Well, since it is a pretty momentous day for me, I might as well record the fact that today was my last day of teaching French.

After graduating from Reading with a degree in French and Linguistics and doing a PGCE at the West London Institute, I began teaching at Tiffin School in Kingston-upon-Thames. After four years I moved on to Hampton School, an independent school for boys which had formerly been a grammar school. During my time at Hampton I did an MA at the Institute of Education, for which I wrote a dissertation on second language learning and acquisition, with a particular focus on the work of Stephen Krashen, who still holds considerable influence. I have always had a particular interest in second language learning theory and methodology.

After four years at Hampton teaching French and a little German I moved to Ripon Grammar School to be a Head of Department. At that stage my only future career plan was to possibly move into teacher education at some point, but opportunties in that field became rare, and, in any case, I continued to enjoy teaching above all else. Being a HoD also provided opportunities to mentor other teachers, either younger colleagues or PGCE students doing their placements with us at Ripon. Above all else I have always found the classroom a stimulating, challenging and enjoyable place to be. So I stayed at Ripon from 1988 to this day, supplementing my teaching with cricket and rugby coaching for a while, all the while running trips to France and a long-running exchange which, I am pleased to say, is going to continue.

I have always been extremely lucky to work alongside very talented colleagues, both in my departement and in others. Ripon GS is an excellent school which recently got the Ofsted "outstanding". In some ways conditions for teachers have improved. There is less cover and less admin to do, but performance management, targets and accountability have added other pressures. Overall the job has got harder as greater pressure is placed upon you to achieve the best results and as the expectation to produce enjoyable lessons has grown.
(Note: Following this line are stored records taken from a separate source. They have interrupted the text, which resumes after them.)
Inductive ptyp : ctx -> pat -> mty -> nat -> nat -> nat -> Prop :=
| pat_v A : ptyp (ctx_one 0 A) PVar A 1 0 0
| pat_x G D p q A B ep mp fp eq mq fq :
    ptyp G p A ep mp fp -> ptyp D q B eq mq fq ->
    ptyp (ctx_pjoin (np p) G D) (PPair p q) [TProd A B]
         (ep + eq) (1 + mp + mq) (fp + fq)
| pat_p G p q :
    (forall i, np (PPair p q) <= i -> G i = []) -> ctx_tight G ->
    ptyp G (PPair p q) [TN] 0 0 1
| pat_eq G G' p A A' e m f :
    ptyp G p A e m f -> ctx_eq G G' -> mteq A A' -> ptyp G' p A' e m f.

Inductive typ : ctx -> term -> ty -> nat -> nat -> nat -> nat -> Prop :=
| ty_ax x s : typ (ctx_one x [s]) (Var x) s 0 0 0 0
| ty_abs G p t s A b e m f ep mp fp :
    typ G t s b e m f -> ptyp (ctx_restr G (np p)) p A ep mp fp ->
    typ (ctx_rem G (np p)) (Lam p t) (TArr A s) (b + 1) (e + ep) (m + mp) (f + fp)
| ty_abs_p G p t s b e m f :
    typ G t s b e m f -> tight s -> (forall i, i < np p -> tight_mt (G i)) ->
    typ (ctx_rem G (np p)) (Lam p t) TM b e m (f + 1)
| ty_app G D t u A s bt et mt ft bu eu mu fu :
    typ G t (TArr A s) bt et mt ft -> mtyp D u A bu eu mu fu ->
    typ (ctx_and G D) (App t u) s (bt + bu) (et + eu) (mt + mu) (ft + fu)
| ty_app_p G t u b e m f :
    typ G t TN b e m f -> typ G (App t u) TN b e m (f + 1)
| ty_pair G D t u A B bt et mt ft bu eu mu fu :
    mtyp G t A bt et mt ft -> mtyp D u B bu eu mu fu ->
    typ (ctx_and G D) (Pair t u) (TProd A B) (bt + bu) (et + eu) (mt + mu) (ft + fu)
| ty_pair_p t u : typ ctx_empty (Pair t u) TM 0 0 0 1
| ty_match G D t p u s A bt et mt ft ep mp fp bu eu mu fu :
    typ G t s bt et mt ft -> ptyp (ctx_restr G (np p)) p A ep mp fp ->
    mtyp D u A bu eu mu fu ->
    typ (ctx_and (ctx_rem G (np p)) D) (Sub t p u) s
        (bt + bu) (et + eu + ep) (mt + mu + mp) (ft + fu + fp)
| ty_eq G G' t s s' b e m f :
    typ G t s b e m f -> ctx_eq G G' -> teq s s' -> typ G' t s' b e m f
with mtyp : ctx -> term -> mty -> nat -> nat -> nat -> nat -> Prop :=
| many_nil t : mtyp ctx_empty t [] 0 0 0 0
| many_cons G D t s A b1 e1 m1 f1 b2 e2 m2 f2 :
    typ G t s b1 e1 m1 f1 -> mtyp D t A b2 e2 m2 f2 ->
    mtyp (ctx_and G D) t (s :: A) (b1 + b2) (e1 + e2) (m1 + m2) (f1 + f2)
| many_eq G G' t A A' b e m f :
    mtyp G t A b e m f -> ctx_eq G G' -> mteq A A' -> mtyp G' t A' b e m f.

(* Contextual steps are immediate: each closure rule of head reduction has a
   typing rule whose counters simply add up.  For a root step the derivation
   of the reduct is taken apart and reassembled around the redex.  A (b) step
   turns the typing of r[p/u] back into an abstraction applied to u, and (abs)
   adds the extra 1 to b.  An (m) step merges the two nested matches into one
   match on the pair pattern, and (pat_x) adds the extra 1 to m.  An (e) step
   needs anti-substitution: a typing of t{x/u} splits into a typing of t and a
   multi-typing of u at the multi-type of x, and (pat_v) adds the extra 1 to e.
   As terms are de Bruijn, substitutions and list contexts shift indices, and
   an anti-weakening lemma undoes these shifts. *)

From Stdlib Require Import List Arith Lia Permutation Setoid Morphisms.
Import ListNotations.

(** * Multi-types up to permutation *)

Fixpoint teq_refl (s : ty) : teq s s :=
  let fix mteq_refl_list (A : mty) : mteq A A :=
    match A with
    | [] => mteq_nil
    | s0 :: A0 => mteq_cons _ _ _ _ (teq_refl s0) (mteq_refl_list A0)
    end in
  match s with
  | TN => teq_N
  | TM => teq_M
  | TProd A B => teq_prod _ _ _ _ (mteq_refl_list A) (mteq_refl_list B)
  | TArr A s0 => teq_arr _ _ _ _ (mteq_refl_list A) (teq_refl s0)
  end.

Lemma mteq_refl (A : mty) : mteq A A.
Proof. induction A; constructor; auto using teq_refl. Qed.

Scheme teq_mut := Induction for teq Sort Prop
  with mteq_mut := Induction for mteq Sort Prop.
Combined Scheme teq_mteq_mut from teq_mut, mteq_mut.

Lemma teq_mteq_sym :
  (forall s s', teq s s' -> teq s' s) /\ (forall A A', mteq A A' -> mteq A' A).
Proof. apply teq_mteq_mut; intros; try solve [constructor; auto]; eapply mteq_trans; eauto. Qed.

Lemma teq_trans (s1 s2 s3 : ty) : teq s1 s2 -> teq s2 s3 -> teq s1 s3.
Proof.
  intros H; revert s3; induction H; intros s3 H'; inversion H'; subst;
    constructor; eauto using mteq_trans.
Qed.

#[global] Instance teq_Equivalence : Equivalence teq.
Proof. split; [exact teq_refl | exact (proj1 teq_mteq_sym) | exact teq_trans]. Qed.

#[global] Instance mteq_Equivalence : Equivalence mteq.
Proof. split; [exact mteq_refl | exact (proj2 teq_mteq_sym) | exact mteq_trans]. Qed.

Lemma Permutation_mteq (A A' : mty) : Permutation A A' -> mteq A A'.
Proof.
  induction 1.
  - apply mteq_nil.
  - apply mteq_cons; auto using teq_refl.
  - apply mteq_swap.
  - eapply mteq_trans; eauto.
Qed.

Lemma mteq_app_l (A A' B : mty) : mteq A A' -> mteq (A ++ B) (A' ++ B).
Proof.
  induction 1; simpl.
  - apply mteq_refl.
  - apply mteq_cons; auto.
  - apply mteq_swap.
  - eapply mteq_trans; eauto.
Qed.

Lemma mteq_app_r (A B B' : mty) : mteq B B' -> mteq (A ++ B) (A ++ B').
Proof. induction A; simpl; auto using mteq_cons, teq_refl. Qed.

#[global] Instance app_mteq_Proper : Proper (mteq ==> mteq ==> mteq) (@app ty).
Proof. intros A A' HA B B' HB; etransitivity; [apply mteq_app_l | apply mteq_app_r]; eauto. Qed.

Lemma mteq_length (A A' : mty) : mteq A A' -> length A = length A'.
Proof. induction 1; simpl; congruence. Qed.

Lemma tight_teq (s s' : ty) : teq s s' -> tight s -> tight s'.
Proof. intros H [-> | ->]; inversion H; red; auto. Qed.

Lemma tight_mteq (A A' : mty) : mteq A A' -> tight_mt A -> tight_mt A'.
Proof.
  unfold tight_mt; induction 1; intros HA; auto.
  - inversion HA; constructor; eauto using tight_teq.
  - inversion HA as [|? ? H1 HA']; inversion HA'; repeat apply Forall_cons; auto.
Qed.

(** * Contexts *)

Definition ctx_shift (d c : nat) (G : ctx) : ctx :=
  fun i => if i <? c then G i else if i <? c + d then [] else G (i - d).

Definition ctx_del (k : nat) (G : ctx) : ctx :=
  fun i => if i <? k then G i else G (S i).

#[global] Instance ctx_eq_Equivalence : Equivalence ctx_eq.
Proof.
  unfold ctx_eq; split; red; intros.
  - reflexivity.
  - symmetry; auto.
  - etransitivity; eauto.
Qed.

#[global] Instance ctx_and_Proper : Proper (ctx_eq ==> ctx_eq ==> ctx_eq) ctx_and.
Proof. intros G G' HG D D' HD i; apply app_mteq_Proper; auto. Qed.

#[global] Instance ctx_rem_Proper : Proper (ctx_eq ==> eq ==> ctx_eq) ctx_rem.
Proof. intros G G' HG n n' <- i; apply HG. Qed.

#[global] Instance ctx_restr_Proper : Proper (ctx_eq ==> eq ==> ctx_eq) ctx_restr.
Proof.
  intros G G' HG n n' <- i; unfold ctx_restr; destruct (i <? n); [apply HG | reflexivity].
Qed.

#[global] Instance ctx_pjoin_Proper : Proper (eq ==> ctx_eq ==> ctx_eq ==> ctx_eq) ctx_pjoin.
Proof. intros n n' <- G G' HG D D' HD i; unfold ctx_pjoin; destruct (i <? n); auto. Qed.

(* Proves [Permutation] between concatenations by cancelling equal heads and
   rotating the right-hand side; [n] bounds the number of rotations. *)
Ltac perm_solve n :=
  match n with
  | O => fail
  | S ?n' =>
    repeat rewrite <- app_assoc; rewrite ?app_nil_l, ?app_nil_r;
    first [ reflexivity
          | match goal with
            | |- Permutation (?a ++ _) (?a ++ _) => apply Permutation_app_head; perm_solve n
            end
          | eapply Permutation_trans; [| apply Permutation_app_comm]; perm_solve n' ]
  end.

Ltac index_cases :=
  repeat match goal with
  | |- context [?a <? ?b] => destruct (Nat.ltb_spec a b)
  | |- context [?a =? ?b] => destruct (Nat.eqb_spec a b)
  end.

Ltac index_unify :=
  repeat match goal with
  | |- context [?F ?a] =>
      is_var F;
      match goal with
      | |- context [F ?b] =>
          tryif constr_eq a b then fail
          else (let E := fresh in assert (E : F b = F a) by (f_equal; lia); rewrite E; clear E)
      end
  end.

Ltac ctx_solve :=
  let i := fresh "i" in
  intro i;
  unfold ctx_and, ctx_rem, ctx_restr, ctx_one, ctx_shift, ctx_del, ctx_pjoin, ctx_empty;
  index_cases; try (exfalso; lia); index_unify; apply Permutation_mteq; perm_solve 8.

Lemma tight_below_restr (n : nat) (G G' : ctx) :
  ctx_eq (ctx_restr G n) (ctx_restr G' n) ->
  (forall i, i < n -> tight_mt (G i)) -> forall i, i < n -> tight_mt (G' i).
Proof.
  intros E HG i Hi; specialize (E i); unfold ctx_restr in E.
  rewrite (proj2 (Nat.ltb_lt _ _) Hi) in E; exact (tight_mteq _ _ E (HG i Hi)).
Qed.

#[global] Instance typ_Proper :
  Proper (ctx_eq ==> eq ==> teq ==> eq ==> eq ==> eq ==> eq ==> iff) typ.
Proof. repeat intro; subst; split; intro; eapply ty_eq; eauto; symmetry; auto. Qed.

#[global] Instance mtyp_Proper :
  Proper (ctx_eq ==> eq ==> mteq ==> eq ==> eq ==> eq ==> eq ==> iff) mtyp.
Proof. repeat intro; subst; split; intro; eapply many_eq; eauto; symmetry; auto. Qed.

#[global] Instance ptyp_Proper :
  Proper (ctx_eq ==> eq ==> mteq ==> eq ==> eq ==> eq ==> iff) ptyp.
Proof. repeat intro; subst; split; intro; eapply pat_eq; eauto; symmetry; auto. Qed.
We have always had to teach too many lessons for them all to be excellent.

So now it's a bit of a relief to shed some responsibility and focus on other areas of life. I shall have more time to keep refining and building up the frenchteacher.net site, which I began in 2002, after learning to do some simple HTML language. So look out for a relative frenzy of new resources in the months to come!

Comments

  1. Congratulations! I hope you will enjoy a bit of a breather, and some time for yourself!